Не изменился и научный состав экспедиции.
По-прежнему Степан Иванович, шевеля длинными усами, склонялся над своими калянусами. По-прежнему четыре раза в сутки проводил метеорологические наблюдения Васечка, как будто бы еще больше раздавшийся в плечах. По-прежнему подле пробирок с пробами хлопотали круглолицый улыбающийся Вяхирев и Союшкин, то и дело теряющий и подхватывающий на лету свое пенсне.
Я не собираюсь повторяться и давать подробное описание второго похода к “белому пятну”. Хочу рассказать лишь о двух эпизодах, где лучше всего, по-моему, проявился характер моего друга – его целеустремленность и выдержка, которых не хватило мне.
Место для якорной стоянки во льдах выбирали осмотрительно и долго. На Федосеича, как знает читатель, нелегко было угодить.
Наконец приткнулись к широкому торосистому полю площадью в один квадратный километр. Лед был довольно толстый – по-видимому, образовался года полтора назад.
– Выгодная конфигурация, – пояснил Сабиров. – Видите, вон на южной стороне поля выбоина. Сюда и введем корабль.
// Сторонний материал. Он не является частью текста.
(* Let $G$ be a finite group acting on a finite set $\mathsf X$, and let $L:G\times G\times\mathsf X\to\mathbb{C}^\times$, $(g,h,x)\mapsto L^x_{g,h}$, and $\omega:G^3\to\mathbb{C}^\times$ satisfy $$L^x_{g,hk}\,L^x_{h,k}=\omega(g,h,k)\,L^{kx}_{g,h}\,L^x_{gh,k}\qquad\text{for all }g,h,k\in G,\ x\in\mathsf X.$$ Then the following are equivalent: (1) there is a gauge transformation $(\beta,\gamma)$ such that the transformed symbols satisfy $L'^x_{g,h}=1$ for all $g,h,x$; (2) there is a gauge transformation such that $L'^x_{a,b}=L'^y_{a,b}$ for all $a,b\in G$, $x,y\in\mathsf X$; (3) there is a gauge transformation such that $\ell'^x_{a,b;g}=1$ for all $a,b,g\in G$, $x\in\mathsf X$; (4) $L$ is block independent, i.e. there is a gauge transformation such that $\ell'^x_{a,b;g}=\ell'^y_{a,b;g}$ for all $a,b,g\in G$, $x,y\in\mathsf X$.
   Context: A gauge transformation is a pair of functions $\beta:G\times G\to\mathbb{C}^\times$, $\gamma:G\times\mathsf X\to\mathbb{C}^\times$ ($(g,x)\mapsto\gamma^x_g$); it maps $L$ to $L'^x_{g,h}=\dfrac{\beta_{g,h}\,\gamma^x_{gh}}{\gamma^{hx}_{g}\,\gamma^x_h}L^x_{g,h}$. For any such family $L$ define $\ell^x_{a,b;g}=\dfrac{L^x_{ag,\,g^{-1}b}}{L^x_{a,b}}$, and $\ell'$ the same expression built from $L'$. Here $gx$ denotes the action of $g\in G$ on $x\in\mathsf X$. *)

From mathcomp Require Import all_boot all_algebra all_fingroup.
From mathcomp Require Import complex Rstruct.
Set Implicit Arguments. Unset Strict Implicit. Unset Printing Implicit Defensive.
Import GRing.Theory.
Local Open Scope ring_scope.

Definition CC : fieldType := complex Rdefinitions.R.

Section Gauge.
Variables (gT : finGroupType) (X : finType) (act : gT -> X -> X).

Definition is_left_action : Prop :=
  (forall x, act 1%g x = x) /\ (forall g h x, act (g * h)%g x = act g (act h x)).

Definition gauge (beta : gT -> gT -> CC) (gamma : gT -> X -> CC)
  (L : gT -> gT -> X -> CC) : gT -> gT -> X -> CC :=
  fun g h x => beta g h * gamma (g * h)%g x / (gamma g (act h x) * gamma h x) * L g h x.

Definition ell (L : gT -> gT -> X -> CC) (a b g : gT) (x : X) : CC :=
  L (a * g)%g (g^-1 * b)%g x / L a b x.

Definition exists_gauge (L : gT -> gT -> X -> CC) (P : (gT -> gT -> X -> CC) -> Prop) : Prop :=
  exists (beta : gT -> gT -> CC) (gamma : gT -> X -> CC),
    [/\ forall g h, beta g h != 0, forall g x, gamma g x != 0 & P (gauge beta gamma L)].

End Gauge.

From mathcomp Require Import all_boot all_algebra all_fingroup.
From mathcomp Require Import complex Rstruct.
From mathcomp Require Import ring.
From Stdlib Require Import FunctionalExtensionality.
Set Implicit Arguments. Unset Strict Implicit. Unset Printing Implicit Defensive.
Local Open Scope ring_scope.
Import GRing.Theory.

(* Gauge transformations compose, and (1) => (3) => (4) and (1) => (2) are
   immediate.  A symbol independent of x is trivialised by beta = 1/L.
   For (4) => (2), the cocycle condition at (1,1,k) and (g,1,1) gives
   L_{1,k}^x ~ L_{1,1}^{kx} and L_{1,1}^{y} ~ L_{g,1}^{y} up to x-independent
   factors, and L_{g,h}^x = ell^x_{1,gh;g} L_{1,gh}^x.  Hence
   L_{g,h}^x / L_{1,1}^{hx} is a product of x-independent factors and values of
   ell, so gauging by gamma_g^x = L_{1,1}^x removes the x-dependence. *)

Section Gauge.
Variables (gT : finGroupType) (X : finType) (act : gT -> X -> X).

Definition twisted_cocycle (L : gT -> gT -> X -> CC) (omega : gT -> gT -> gT -> CC) :=
  forall g h k x,
    L g (h * k)%g x * L h k x = omega g h k * L g h (act k x) * L (g * h)%g k x.

Definition gauge_omega (beta : gT -> gT -> CC) (omega : gT -> gT -> gT -> CC) g h k :=
  omega g h k * beta g (h * k)%g * beta h k / (beta g h * beta (g * h)%g k).

Lemma gauge_neq0 beta gamma (L : gT -> gT -> X -> CC) :
    (forall g h, beta g h != 0) -> (forall g x, gamma g x != 0) ->
    (forall g h x, L g h x != 0) ->
  forall g h x, gauge act beta gamma L g h x != 0.
Proof. by move=> bn cn Ln g h x; rewrite !(mulf_neq0, invr_eq0). Qed.

Lemma gaugeM beta1 gamma1 beta2 gamma2 (L : gT -> gT -> X -> CC) g h x :
  gauge act beta2 gamma2 (gauge act beta1 gamma1 L) g h x =
  gauge act (fun g h => beta1 g h * beta2 g h) (fun g x => gamma1 g x * gamma2 g x)
    L g h x.
Proof. by rewrite /gauge !invfM; ring. Qed.

Lemma exists_gauge_gauge beta gamma (L : gT -> gT -> X -> CC) P :
    (forall g h, beta g h != 0) -> (forall g x, gamma g x != 0) ->
  exists_gauge act (gauge act beta gamma L) P -> exists_gauge act L P.
Proof.
move=> bn cn [beta' [gamma' [bn' cn' HP]]].
exists (fun g h => beta g h * beta' g h), (fun g x => gamma g x * gamma' g x).
split=> [g h|g x|]; rewrite ?mulf_neq0 //.
by congr P: HP; do 3!apply: functional_extensionality => ?; rewrite gaugeM.
Qed.

Lemma trivial_gauge_of_x_independent (L : gT -> gT -> X -> CC) :
    (forall g h x, L g h x != 0) -> (forall g h x y, L g h x = L g h y) ->
  exists_gauge act L (fun L' => forall g h x, L' g h x = 1).
Proof.
move=> Ln Lindep.
case: (pickP (fun _ : X => true)) => [x0 _|noX]; last first.
  exists (fun _ _ => 1), (fun _ _ => 1).
  by split=> [_ _|_ _|g h x]; rewrite ?oner_neq0 //; have := noX x.
exists (fun g h => (L g h x0)^-1), (fun _ _ => 1).
split=> [g h|_ _|g h x]; rewrite ?invr_eq0 ?oner_neq0 //.
by rewrite /gauge (Lindep g h x x0) mul1r invr1 !mulr1 mulVf.
Qed.

Lemma exists_gauge_trivial_of_x_independent (L : gT -> gT -> X -> CC) :
    (forall g h x, L g h x != 0) ->
    exists_gauge act L (fun L' => forall g h x y, L' g h x = L' g h y) ->
  exists_gauge act L (fun L' => forall g h x, L' g h x = 1).
Proof.
move=> Ln [beta [gamma [bn cn Mindep]]]; apply: (exists_gauge_gauge bn cn).
exact: trivial_gauge_of_x_independent (gauge_neq0 bn cn Ln) Mindep.
Qed.

Hypothesis actH : is_left_action act.

Lemma gauge_twisted_cocycle beta gamma (L : gT -> gT -> X -> CC) omega :
    (forall g h, beta g h != 0) -> (forall g x, gamma g x != 0) ->
    (forall g h x, L g h x != 0) -> twisted_cocycle L omega ->
  twisted_cocycle (gauge act beta gamma L) (gauge_omega beta omega).
Proof.
move=> bn cn Ln coc g h k x; rewrite /gauge /gauge_omega.
have -> : L g (h * k)%g x = omega g h k * L g h (act k x) * L (g * h)%g k x / L h k x.
  by rewrite -coc mulfK.
rewrite -actH.2 mulgA.
by field; rewrite !bn !cn Ln.
Qed.

Section NormalizedCocycle.
Variables (L : gT -> gT -> X -> CC) (omega : gT -> gT -> gT -> CC).
Hypotheses (Ln : forall g h x, L g h x != 0) (coc : twisted_cocycle L omega).

Lemma cocycle_1_1 k x : L 1%g k x = omega 1%g 1%g k * L 1%g 1%g (act k x).
Proof. by apply: (mulIf (Ln 1%g k x)); rewrite -{1}[k]mul1g coc mul1g. Qed.

Lemma cocycle_g_1 g y : L 1%g 1%g y = omega g 1%g 1%g * L g 1%g y.
Proof.
apply: (mulIf (Ln g 1%g y)); rewrite mulrC.
by have := coc g 1%g 1%g y; rewrite !mulg1 actH.1.
Qed.

Lemma ell_1_decomposition g h x : L g h x = ell L 1 (g * h) g x * L 1%g (g * h)%g x.
Proof. by rewrite /ell mul1g mulKg divfK. Qed.

Lemma cocycle_ratio g h x :
  L g h x / L 1%g 1%g (act h x) =
  ell L 1 (g * h) g x * omega 1%g 1%g (g * h)%g /
    (omega g 1%g 1%g * ell L 1 g g (act h x) * omega 1%g 1%g g).
Proof.
set y := act (g * h) x.
have -> : L g h x = ell L 1 (g * h) g x * omega 1%g 1%g (g * h)%g * L 1%g 1%g y.
  by rewrite ell_1_decomposition cocycle_1_1 mulrA.
have -> : L 1%g 1%g (act h x) =
          omega g 1%g 1%g * ell L 1 g g (act h x) * omega 1%g 1%g g * L 1%g 1%g y.
  rewrite (cocycle_g_1 g) -{1}[g]mulg1 ell_1_decomposition mulg1 cocycle_1_1.
  by rewrite -actH.2 !mulrA.
by rewrite [in LHS]invfM mulrACA divff ?mulr1.
Qed.

End NormalizedCocycle.

Lemma x_independent_gauge_of_block_independent (L : gT -> gT -> X -> CC) omega :
    (forall g h x, L g h x != 0) -> twisted_cocycle L omega ->
    (forall a b g x y, ell L a b g x = ell L a b g y) ->
  exists_gauge act L (fun L' => forall g h x y, L' g h x = L' g h y).
Proof.
move=> Ln coc Lblock.
exists (fun _ _ => 1), (fun _ x => L 1%g 1%g x).
split=> [_ _|_ z|g h x y]; rewrite ?oner_neq0 ?Ln //.
have gaugeE z : gauge act (fun _ _ => 1) (fun _ x => L 1%g 1%g x) L g h z =
                L g h z / L 1%g 1%g (act h z).
  by rewrite /gauge; field; rewrite !Ln.
rewrite !gaugeE !(cocycle_ratio Ln coc).
by rewrite (Lblock 1%g _ g x y) (Lblock 1%g g g (act h x) (act h y)).
Qed.

End Gauge.

Theorem mainTheorem7 (gT : finGroupType) (X : finType) (act : gT -> X -> X)
  (L : gT -> gT -> X -> CC) (omega : gT -> gT -> gT -> CC) :
  is_left_action act ->
  (forall g h x, L g h x != 0) ->
  (forall g h k, omega g h k != 0) ->
  (forall g h k x,
     L g (h * k)%g x * L h k x = omega g h k * L g h (act k x) * L (g * h)%g k x) ->
  [<-> exists_gauge act L (fun L' => forall g h x, L' g h x = 1);
       exists_gauge act L (fun L' => forall a b x y, L' a b x = L' a b y);
       exists_gauge act L (fun L' => forall a b g x, ell L' a b g x = 1);
       exists_gauge act L (fun L' => forall a b g x y, ell L' a b g x = ell L' a b g y)].
Proof.
move=> actH Ln _ coc.
have trivial_of_x_independent := @exists_gauge_trivial_of_x_independent _ _ act L Ln.
tfae.
- by case=> beta [gamma [bn cn H]]; exists beta, gamma; split=> // a b x y; rewrite !H.
- move/trivial_of_x_independent => [beta [gamma [bn cn H]]].
  by exists beta, gamma; split=> // a b g x; rewrite /ell !H divr1.
- by case=> beta [gamma [bn cn H]]; exists beta, gamma; split=> // a b g x y; rewrite !H.
- case=> beta [gamma [bn cn H]]; apply: trivial_of_x_independent.
  apply: (exists_gauge_gauge bn cn).
  have Mn := gauge_neq0 act bn cn Ln.
  have Mcoc := gauge_twisted_cocycle actH bn cn Ln coc.
  exact (x_independent_gauge_of_block_independent actH Mn Mcoc H).
Qed.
Это будет наша гавань.
– Главное не выбоина, – сказал Андрей. – Поле представляет из себя треугольник. Острым углом оно будет таранить, расталкивать льды, надежно прикрывая корабль.
– В общем, насадили дополнительный ледяной форштевень!
Выяснилось, однако, что выбранное нами ледяное поле – с секретом.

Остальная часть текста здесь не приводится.